Media and policy debates tend to represent irregular migration and unauthorised stay in a country as an unambiguous concept and a clear legal category. It appears logically straightforward that we should be able to tell whether a person is authorised to stay and work in a given country. However, a closer look at the complexities of entry, stay, prolongation, and abuse of terms of stay shows that this is by no means such a black-and-white distinction. Firstly, there are different ‘degrees’ and ‘types’ of irregularity. Secondly, there are real physical and administrative flows between the two categories. Thirdly, there are also significant grey zones of people with unclear or temporary status. Thus, we may have people who enter legally but overstay, people whose entry was unauthorised but who then regularised their status, and people who enter legally and stay regularly but lose their regular status at some point because they could not renew their permits.

These categories are thus highly dynamic and fluid; both depend on the actions of the people concerned but also on the state bureaucracies and changing migration policies. As we have shown in this chapter, the legal status of migrants and their families depends largely on policies of fencing and gatekeeping (Triandafyllidou and Ambrosini 2011) that states apply to keep foreigners out, but also on labour market dynamics and employment situations. Thus, a regular contract for employment is a ticket to legal status; however, migrant workers often cannot simply secure such a contract or proof of employment and insurance because they work in sectors where informality is high (such as agriculture, domestic work, or construction) and they have little means to pressurise their employers in order to have their rights secured.

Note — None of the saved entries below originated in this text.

(* Let $\mathcal{W}_1,\ldots,\mathcal{W}_n\subset\mathbb{R}^n$ be finite sets with convex hulls $Q_1,\ldots,Q_n$ respectively, such that each $Q_i$ is a segment (of positive length) and $Q=Q_1+\cdots+Q_n$ has dimension $n$. Then for every vector $\delta\in\mathbb{R}^n$ of sufficiently small norm which does not lie in the linear span of $F-F$ for any proper face $F$ of $Q$, $$D(\mathcal{W}_1,\ldots,\mathcal{W}_n)=|(\mathcal{W}_1+\cdots+\mathcal{W}_n)\cap(\delta+Q)|.$$
   Context: $D(\mathcal{W}_1,\ldots,\mathcal{W}_n)=\sum_{I\subset[n]}(-1)^{n-|I|}|\sum_{i\in I}\mathcal{W}_i|$, where $\sum_{i\in I}\mathcal{W}_i=\{\sum_{i\in I}w_i:w_i\in\mathcal{W}_i\}$ and the term for $I=\emptyset$ is $(-1)^n\cdot1$. *)

From HB Require Import structures.
From mathcomp Require Import all_boot all_order all_algebra.
From Stdlib Require Import ClassicalEpsilon.
Set Implicit Arguments. Unset Strict Implicit. Unset Printing Implicit Defensive.
Import Order.TTheory GRing.Theory Num.Theory.
Local Open Scope ring_scope.

Definition pbool (P : Prop) : bool :=
  if excluded_middle_informative P then true else false.

Section Defs.
Variables (R : realFieldType) (n : nat).
Notation V := 'rV[R]_n.

Definition dotv (u v : V) : R := \sum_(i < n) u ord0 i * v ord0 i.
Definition sqnorm (u : V) : R := dotv u u.

Definition sumset (s t : seq V) : seq V := undup [seq x + y | x <- s, y <- t].

Definition msum (W : 'I_n -> seq V) (I : {set 'I_n}) : seq V :=
  foldr (fun i acc => sumset (W i) acc) [:: 0] (enum I).

Definition Dmix (W : 'I_n -> seq V) : int :=
  \sum_(I : {set 'I_n}) (-1) ^+ (n - #|I|) * (size (msum W I))%:Z.

Definition inconv (W : seq V) (x : V) : Prop :=
  exists lam : 'I_(size W) -> R,
    (forall j, 0 <= lam j) /\ \sum_j lam j = 1 /\
    x = \sum_j lam j *: nth 0 W j.

Definition is_pos_segment (W : seq V) : Prop :=
  exists a b : V, a != b /\
    forall x, inconv W x <-> exists t : R, 0 <= t <= 1 /\ x = (1 - t) *: a + t *: b.

Definition inQ (W : 'I_n -> seq V) (x : V) : Prop :=
  exists q : 'I_n -> V, (forall i, inconv (W i) (q i)) /\ x = \sum_i q i.

Definition inspan (S : V -> Prop) (v : V) : Prop :=
  exists (k : nat) (c : 'I_k -> R) (u : 'I_k -> V),
    (forall j, S (u j)) /\ v = \sum_j c j *: u j.

Definition diffset (F : V -> Prop) (v : V) : Prop :=
  exists x y, F x /\ F y /\ v = x - y.

Definition full_dim (S : V -> Prop) : Prop := forall v, inspan (diffset S) v.

Definition is_face (P F : V -> Prop) : Prop :=
  exists c : V, forall x, F x <-> (P x /\ forall y, P y -> dotv c y <= dotv c x).

Definition is_proper_face (P F : V -> Prop) : Prop :=
  is_face P F /\ exists x, P x /\ ~ F x.

End Defs.

From HB Require Import structures.
From mathcomp Require Import all_boot all_order all_algebra.
From mathcomp Require Import ring lra.
From Stdlib Require Import ClassicalEpsilon.
Set Implicit Arguments. Unset Strict Implicit. Unset Printing Implicit Defensive.
Import Order.TTheory GRing.Theory Num.Theory.
Local Open Scope ring_scope.

(* Let conv W_i = [a_i, b_i] and v_i = b_i - a_i.  Then Q = sum_i a_i + sum_i [0,1] v_i,
   and since Q is full-dimensional the v_i form a basis; in the dual coordinates each
   W_i varies only in its own coordinate.  Hence a Minkowski sum of the W_i, i in I, has
   exactly prod_(i in I) |W_i| points, and expanding prod_i (|W_i| - 1) over subsets
   gives D = prod_i (|W_i| - 1).  If delta is off the direction spaces of the facets
   {coord_i = 0} of the box Q, all its coordinates are nonzero; if it is also smaller
   than the gaps between the points of each W_i, a point of W_1 + ... + W_n lies in
   delta + Q exactly when no summand is the endpoint a_i (for delta_i > 0) or b_i
   (for delta_i < 0), which leaves prod_i (|W_i| - 1) points. *)

Lemma count_allpairs (S T U : Type) (f : S -> T -> U) (P : pred U) s t :
  count P [seq f x y | x <- s, y <- t] = (\sum_(x <- s) count (P \o f x) t)%N.
Proof.
elim: s => [|x s IHs]; first by rewrite big_nil.
by rewrite big_cons /= count_cat count_map IHs.
Qed.

Lemma sum_count_andl (S T : Type) (p : pred S) (q : pred T) s t :
  (\sum_(x <- s) count (fun y => p x && q y) t)%N = (count p s * count q t)%N.
Proof.
elim: s => [|x s IHs]; first by rewrite big_nil.
rewrite big_cons IHs /= mulnDl.
by case: (p x); rewrite ?mul1n ?mul0n // count_pred0.
Qed.

Lemma sum_subsets_signed_prod (R : comPzRingType) (T : finType) (m : T -> R) :
  \sum_(I : {set T}) (-1) ^+ (#|T| - #|I|) * \prod_(i in I) m i = \prod_i (m i - 1).
Proof.
transitivity (\prod_i \sum_(b : bool) (if b then m i else -1)); last first.
  by apply: eq_bigr => i _; rewrite big_bool.
rewrite bigA_distr_bigA /= (reindex (fun f : {ffun T -> bool} => [set i | f i])).
  apply: eq_bigr => f _; rewrite [RHS](bigID f) /= mulrC; congr (_ * _).
    by apply: eq_big => i; rewrite ?inE // => ->.
  rewrite (eq_bigr (fun _ => -1)) => [|i /negbTE -> //].
  rewrite prodr_const -(cardC [set i | f i]) addKn; congr (_ ^+ _).
  by apply: eq_card => i; rewrite !inE.
exists (fun I : {set T} => [ffun i => i \in I]) => [f _|I _].
  by apply/ffunP => i; rewrite ffunE inE.
by apply/setP => i; rewrite inE ffunE.
Qed.

Lemma pboolP (P : Prop) : reflect P (pbool P).
Proof. by rewrite /pbool; case: excluded_middle_informative => h; constructor. Qed.

Lemma count_predC1_uniq (T : eqType) (s : seq T) e :
  uniq s -> e \in s -> count (predC1 e) s = (size s).-1.
Proof. by move=> s_uniq es; rewrite -size_filter -rem_filter ?size_rem. Qed.

Lemma exists_pos_lower_bound (R : realDomainType) (s : seq R) :
  exists g, 0 < g /\ forall y, y \in s -> 0 < y -> g <= y.
Proof.
elim: s => [|x s [g [g0 g_lb]]]; first by exists 1.
have [x0|x_le0] := ltrP 0 x; last first.
  exists g; split=> // y; rewrite inE => /orP [/eqP -> y0|]; last exact: g_lb.
  by move: x_le0; rewrite leNgt y0.
exists (Num.min g x); split; first by rewrite lt_min g0 x0.
move=> y; rewrite inE => /orP [/eqP -> _|ys y0]; first by rewrite ge_min lexx orbT.
by rewrite ge_min g_lb.
Qed.

Section RowVectors.
Variables (R : realFieldType) (n : nat).
Local Notation V := 'rV[R]_n.

Definition mxcoord (N : 'M[R]_n) (x : V) (j : 'I_n) : R := (x *m N) 0 j.

Lemma mxcoordD N x y j : mxcoord N (x + y) j = mxcoord N x j + mxcoord N y j.
Proof. by rewrite /mxcoord mulmxDl mxE. Qed.

Lemma mxcoord0 N j : mxcoord N 0 j = 0.
Proof. by rewrite /mxcoord mul0mx mxE. Qed.

Lemma mxcoordB N x y j : mxcoord N (x - y) j = mxcoord N x j - mxcoord N y j.
Proof. by rewrite /mxcoord mulmxBl !mxE. Qed.

Lemma mxcoordZ N t x j : mxcoord N (t *: x) j = t * mxcoord N x j.
Proof. by rewrite /mxcoord -scalemxAl mxE. Qed.

Lemma mxcoord_sum N (F : 'I_n -> V) j :
  mxcoord N (\sum_i F i) j = \sum_i mxcoord N (F i) j.
Proof. by rewrite /mxcoord mulmx_suml summxE. Qed.

Lemma normr_entry_lt_sqnorm (x : V) k e : 0 < e -> sqnorm x < e * e -> `|x 0 k| < e.
Proof.
move=> e0 x_small; have : x 0 k * x 0 k <= sqnorm x.
  rewrite /sqnorm /dotv (bigD1 k) //= lerDl.
  by apply: sumr_ge0 => j _; rewrite -expr2 sqr_ge0.
by have [xk0|xk0] := lerP 0 (x 0 k); [rewrite ger0_norm | rewrite ltr0_norm]; nra.
Qed.

Lemma abs_mxcoord_le N (x : V) j e : (forall k, `|x 0 k| <= e) ->
  `|mxcoord N x j| <= e * \sum_k \sum_l `|N k l|.
Proof.
move=> x_small; rewrite /mxcoord mxE mulr_sumr.
apply: le_trans (ler_norm_sum _ _ _) _; apply: ler_sum => k _.
rewrite normrM; apply: ler_pM => //.
by rewrite (bigD1 j) //= lerDl; apply: sumr_ge0.
Qed.

Lemma count_sumset (s t : seq V) (P : pred V) : uniq t ->
  {in s &, forall x x', {in t &, forall y y', x + y = x' + y' -> x = x'}} ->
  count P (sumset s t) = (\sum_(x <- undup s) count (fun y => P (x + y)%R) t)%N.
Proof.
move=> t_uniq sum_inj.
suff /permP -> : perm_eq (sumset s t) [seq (x + y)%R | x <- undup s, y <- t].
  exact: count_allpairs.
apply: uniq_perm; first exact: undup_uniq.
  apply: allpairs_uniq => //; first exact: undup_uniq.
  move=> [x y] [x' y'] /allpairsP [[x1 y1] /= [x1s y1t [-> ->]]].
  move=> /allpairsP [[x2 y2] /= [x2s y2t [-> ->]]] /= E.
  rewrite !mem_undup in x1s x2s.
  have ex : x1 = x2 by exact: sum_inj E.
  by move: E; rewrite ex => /addrI ->.
move=> z; rewrite /sumset mem_undup.
by apply/allpairsP/allpairsP => [] [[x y] /= [xs yt ->]];
  exists (x, y); rewrite ?mem_undup in xs *.
Qed.

Section CoordinateLines.
Variables (N : 'M[R]_n) (W : 'I_n -> seq V) (a : 'I_n -> V).
Hypothesis W_coord_line :
  forall i x j, x \in W i -> j != i -> mxcoord N x j = mxcoord N (a i) j.
Hypothesis W_coord_inj : forall i, {in W i &, injective (mxcoord N ^~ i)}.

Local Notation msum_of l := (foldr (fun i acc => sumset (W i) acc) [:: 0] l).

Lemma mxcoord_msum_of l y j : y \in msum_of l -> j \notin l ->
  mxcoord N y j = \sum_(k <- l) mxcoord N (a k) j.
Proof.
elim: l y => [|i l IHl] y /=.
  by rewrite inE big_nil => /eqP -> _; rewrite mxcoord0.
rewrite /sumset mem_undup inE negb_or => /allpairsP [[x z] /= [xW zS ->]].
by move=> /andP [ji jl]; rewrite mxcoordD big_cons (W_coord_line xW) // (IHl _ zS jl).
Qed.

Lemma msum_of_uniq l : uniq (msum_of l).
Proof. by case: l => //= i l; rewrite undup_uniq. Qed.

The following chapters will further investigate how employment and residence policies for foreign citizens are more and more inserted in discourses on deservingness to protection for the most vulnerable but also to basic human and labour rights for all migrants, including those in an irregular position. The practises through which migrants’ agency meets local communities, creating multiple interstices (Fontanari and Ambrosini 2018) to regularize one’s status in terms of residence and work should also be considered, especially when it comes to situations in which multiple layers of jurisdiction are involved. This is, for example, the case of those migrants who engage in secondary movements within Europe with multiple registrations within the Dublin and Schengen areas. While the most visible expressions of unclear and fluid statuses are represented by the informal shelters that grow from time to time at specific border areas and in big cities (from Ventimiglia to Calais, from Oranienplatz in Berlin to Lachapelle in Paris, from Baobab in Rome to Velika Kladuša in Bosnia and Herzegovina), the option of return to the origin country for those who can’t regularly stay is also not a straightforward process, particularly if it comes after an apprehension.

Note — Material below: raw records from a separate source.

(* Let $\Lambda$ be a row-finite $k$-graph with no sources and let $\alpha$ be an action of $\mathbb{Z}^l$ on $\Lambda$ by automorphisms. Then for $x\in\Lambda^\infty$ and $(p,m)\in\mathbb{N}^k\times\mathbb{N}^l$, the shift map on $(\Lambda\times_\alpha\mathbb{Z}^l)^\infty$ satisfies $\sigma^{(p,m)}(x,\infty)=(\alpha^\infty_{-m}(\sigma^p(x)),\infty)$. Moreover, $\sigma^p\circ\alpha^\infty_{-m}=\alpha^\infty_{-m}\circ\sigma^p$; in particular $\sigma^{(p,m)}(x,\infty)=(\sigma^p(\alpha^\infty_{-m}(x)),\infty)$.
   Context: A $k$-graph is a countable category $\Lambda$ with a functor $d:\Lambda\to\mathbb{N}^k$ with unique factorisation; vertices are degree-$0$ morphisms; row-finite: each $v\Lambda^n$ finite; no sources: each $v\Lambda^n$ nonempty. An automorphism is a bijective degree-preserving functor. $\Lambda\times_\alpha\mathbb{Z}^l$ is the $(k+l)$-graph with morphisms $\Lambda\times\mathbb{N}^l$, degree $(d(\lambda),m)$, $r(\lambda,m)=(r(\lambda),0)$, $s(\lambda,m)=(\alpha_{-m}(s(\lambda)),0)$, $(\mu,m)(\nu,n)=(\mu\alpha_m(\nu),m+n)$. For a $j$-graph $\Gamma$, $\Gamma^\infty$ is the set of degree-preserving functors $x:\Omega_j\to\Gamma$ ($\Omega_j=\{(a,b)\in\mathbb{N}^j\times\mathbb{N}^j:a\le b\}$, $r(a,b)=(a,a)$, $s(a,b)=(b,b)$, $(a,b)(b,c)=(a,c)$, $d(a,b)=b-a$); $\sigma^q(x)$ is the infinite path with $\sigma^q(x)(0,n)=x(q,q+n)$. For an automorphism $\phi$ of $\Lambda$, $\phi^\infty(x)$ is the infinite path with $\phi^\infty(x)(0,n)=\phi(x(0,n))$. For $x\in\Lambda^\infty$, $(x,\infty)$ denotes the unique infinite path of $\Lambda\times_\alpha\mathbb{Z}^l$ with $(x,\infty)((0,0),(p,0))=(x(0,p),0)$ for all $p\in\mathbb{N}^k$. *)

From mathcomp Require Import all_boot all_order all_algebra.
From Stdlib Require List.
Set Implicit Arguments. Unset Strict Implicit. Unset Printing Implicit Defensive.

Definition Nk (k : nat) := {ffun 'I_k -> nat}.
Definition Zl (l : nat) := {ffun 'I_l -> int}.

Definition Nzero k : Nk k := [ffun => 0%N].
Definition Nadd k (a b : Nk k) : Nk k := [ffun i => (a i + b i)%N].
Definition Nsub k (a b : Nk k) : Nk k := [ffun i => (a i - b i)%N].
Definition Nle k (a b : Nk k) : bool := [forall i, (a i <= b i)%N].
Lemma branch_unnormE b (k : 'I_4) :
  branch_unnorm p q b k =
  \sum_(i < 4) \sum_(j < 4 | (pauli_commute_nat i j == b)
                             && (pauli_prod_nat i j == k)) p i * q j.
Proof.
apply: eq_bigr => i _; apply: eq_bigl => j.
by rewrite pauli_commuteE -val_eqE pauli_prod_indexE.
Qed.

Lemma branch_unnorm_commuting :
  [/\ branch_unnorm p q true ord0 =
        p ord0 * q ord0 + p (inord 1) * q (inord 1)
        + p (inord 2) * q (inord 2) + p (inord 3) * q (inord 3),
      branch_unnorm p q true (inord 1) =
        p ord0 * q (inord 1) + p (inord 1) * q ord0,
      branch_unnorm p q true (inord 2) =
        p ord0 * q (inord 2) + p (inord 2) * q ord0
    & branch_unnorm p q true (inord 3) =
        p ord0 * q (inord 3) + p (inord 3) * q ord0].
Proof.
split; rewrite branch_unnormE; under eq_bigr do rewrite big_mkcond;
  rewrite !sum_ord4 ?inordK // /pauli_commute_nat /pauli_prod_nat /=; ring.
Qed.

Lemma branch_unnorm_anticommuting :
  [/\ branch_unnorm p q false ord0 = 0,
      branch_unnorm p q false (inord 1) =
        p (inord 2) * q (inord 3) + p (inord 3) * q (inord 2),
      branch_unnorm p q false (inord 2) =
        p (inord 3) * q (inord 1) + p (inord 1) * q (inord 3)
    & branch_unnorm p q false (inord 3) =
        p (inord 1) * q (inord 2) + p (inord 2) * q (inord 1)].
Proof.
split; rewrite branch_unnormE; under eq_bigr do rewrite big_mkcond;
  rewrite !sum_ord4 ?inordK // /pauli_commute_nat /pauli_prod_nat /=; ring.
Qed.

Lemma C_EQE : is_prob_vec p -> is_prob_vec q ->
  C_EQ p q = 2 + binH (\sum_k branch_unnorm p q true k)
             + \sum_k xlog2x (branch_unnorm p q true k)
             + \sum_k xlog2x (branch_unnorm p q false k).
Proof.
move=> [p_ge0 sum_p] [q_ge0 sum_q].
have u_ge0 b k := branch_unnorm_ge0 b k p_ge0 q_ge0.
have := branch_weight_sum; rewrite sum_p sum_q mulr1 => weight_sum.
rewrite /C_EQ /branch_capacity /=.
rewrite !(scaled_capacityE (u_ge0 _) (branch_weightE _)) /binH.
have -> : branch_weight p q false = 1 - branch_weight p q true by lra.
rewrite branch_weightE; lra.
Qed.

End Branches.

Theorem proposition2 (R : realType) (p q : 'I_4 -> R) :
  is_prob_vec p -> is_prob_vec q ->
  let p0 := p ord0 in let p1 := p (inord 1) in
  let p2 := p (inord 2) in let p3 := p (inord 3) in
  let q0 := q ord0 in let q1 := q (inord 1) in
  let q2 := q (inord 2) in let q3 := q (inord 3) in
  let A0 := p0 * q0 + p1 * q1 + p2 * q2 + p3 * q3 in
  let A1p := p0 * q1 + p1 * q0 in
  let A2p := p0 * q2 + p2 * q0 in
  let A3p := p0 * q3 + p3 * q0 in
  let A1m := p2 * q3 + p3 * q2 in
  let A2m := p3 * q1 + p1 * q3 in
  let A3m := p1 * q2 + p2 * q1 in
  let alpha := A0 + A1p + A2p + A3p in
  C_EQ p q = 2 + binH alpha + xlog2x A0
             + (xlog2x A1p + xlog2x A2p + xlog2x A3p)
             + (xlog2x A1m + xlog2x A2m + xlog2x A3m).
Proof.
move=> p_prob q_prob; cbv zeta.
rewrite C_EQE // !sum_ord4.
have [-> -> -> ->] := branch_unnorm_commuting p q.
have [-> -> -> ->] := branch_unnorm_anticommuting p q.
by rewrite xlog2x0; ring.
Qed.
Lemma big_supportZ (T : finType) (c : T -> K) (F : T -> V) (u : T) :
  (forall y, y != u -> c y = 0) -> \sum_y c y *: F y = c u *: F u.
Proof.
move=> c_supp; rewrite (bigD1 u) //= big1 ?addr0 // => y yu.
by rewrite c_supp ?scale0r.
Qed.

Lemma scale_boolr (b : bool) (v : V) : (b%:R : K) *: v = if b then v else 0.
Proof. by case: b; rewrite ?scale1r ?scale0r. Qed.

End BigDelta.

Section FinIndexed.
Variables (K : fieldType) (M N : lmodType K).
Variable f : forall n, 'M[M]_n -> 'M[N]_n.
Hypothesis f_nc : nc_function f.

Definition enum_mx (V : Type) (T : finType) (A : T -> T -> V) : 'M[V]_#|T| :=
  \matrix_(i, j) A (enum_val i) (enum_val j).

Definition nc_on (T : finType) (A : T -> T -> M) : T -> T -> N :=
  fun x y => f (enum_mx A) (enum_rank x) (enum_rank y).

Lemma eq_nc_on (T : finType) (A A' : T -> T -> M) :
  (forall x y, A x y = A' x y) -> forall x y, nc_on A x y = nc_on A' x y.
Proof.
move=> eqA x y; rewrite /nc_on; congr (f _ _ _).
by apply/matrixP=> i j; rewrite !mxE eqA.
Qed.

The failure or abrupt interruption of the migration project is likely to lead to unsustainable return, especially if it is a last resort to avoid forced removal. Voluntary return programs strive to guarantee assistance and support that could lead to effective and sustainable reintegration at origin, as the lack of long-term prospects at origin might indeed result in re-emigration of returnees.

As shown in these pages, the multifaced dimensions of irregular migration in Europe are particularly complex. The remainder of the book will deepen the analysis, trying to unpack concepts, dynamics, and policy categories to provide a representation that is more adequate and adherent to the situation on the ground.